The Most Remote Brewery in the World?

Would this be a beer travelers adventure without a brewery stop?!

Yes, on this tiny island in the middle of the Pacific, we found a brewery. Not only did we find a brewery, we happened to be staying right across the street from it. Cerveceria Taina was our kind of place. They had good beer, pizza, and a friendly staff. We found ourselves here every night, going over our day and discussing what was to come. They were eager to show me their system and talk shop about brewing and zymurgy, which is always exciting to me. Taina was certainly one of my favorite parts of this trip.

Lorana!

Our time in Rapa Nui was magical. We had an afternoon flight out, so we stopped by the harbor to watch the sea turtles on more time. It was amazing to see so many turtles, so close to shore, just living their turtle lives. We bid the sea turtles and gorgeous harbor goodbye and then walked back to the hotel to gather our things and catch our transfer to the airport.

Just keep swimming!

On our walk back, we noticed a music store and had to pop in for a peek around. RapaMusic was as cool as a music store can get, the owner was friendly and informative, and before we knew it, we had purchased an Asonu ukulele. The ukulele was made by an expert in Chile Victor Jofre and is constructed with only solid wood in the traditional Tahitian way. It is a really great reminder of our time in Rapa Nui.

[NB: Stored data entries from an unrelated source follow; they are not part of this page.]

(* Let $d\ge2$, $\Lambda_1,\ldots,\Lambda_d\in\mathcal{M}_2$ and let $C$ be a $d$-copula which is negatively quadrant dependent, i.e. $C(\mathbf{u})\le\Pi(\mathbf{u}):=\prod_{i=1}^du_i$ for all $\mathbf{u}\in[0,1]^d$. Then for every $k=1,\ldots,d$ and $\mathbf{w}\in\mathbb{R}_+^d$, $$\phi_C(\Lambda_1,\ldots,\Lambda_d)(\mathbf{w})\le\phi_\Pi(\Lambda_1,\ldots,\Lambda_d)(\mathbf{w})\le\min_{m\in\{1,\ldots,d\},\,m\neq k}\Lambda_k(w_m,w_k).$$
   Context: A $d$-copula is a distribution function on $[0,1]^d$ with uniform margins. $\mathcal{M}_2$ is the set of bivariate tail dependence functions $\Lambda(\mathbf{w};D)=\lim_{s\searrow0}D(s\mathbf{w})/s$ of $2$-copulas $D$ (defined on $\mathbb{R}_+^2$, $\mathbb{R}_+=[0,\infty)$); they are $1$-Lipschitz and concave with a.e. partial derivatives in $[0,1]$. For a $d$-copula $C$, $\phi_C(\Lambda_1,\ldots,\Lambda_d)(w_1,\ldots,w_d):=\int_0^\infty C(\partial_1\Lambda_1(t,w_1),\ldots,\partial_1\Lambda_d(t,w_d))\,dt$. *)

From HB Require Import structures.
From mathcomp Require Import all_boot all_order all_algebra.
From mathcomp Require Import all_classical all_reals all_analysis.
Set Implicit Arguments. Unset Strict Implicit. Unset Printing Implicit Defensive.
Import Order.TTheory GRing.Theory Num.Theory.
Import numFieldNormedType.Exports.
Local Open Scope classical_set_scope.
Local Open Scope ring_scope.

The owner of RapaMusic was incredibly helpful, this is a must visit shop for any music enthusiast!

Our transport to the airport was just as easy and lovely as our pickup, the staff at Hotel Hare Nua Boutique Hotel really know how to spoil their guests. Check in and security were a breeze and before we knew it, we had one last island beer in our hands, toasting to a wonderful trip. Similar to “Aloha,” “Lorana” means both “hello” and “goodbye” in the Rapa Nui language– so, lorana to this beautiful island, what a dream it was to visit.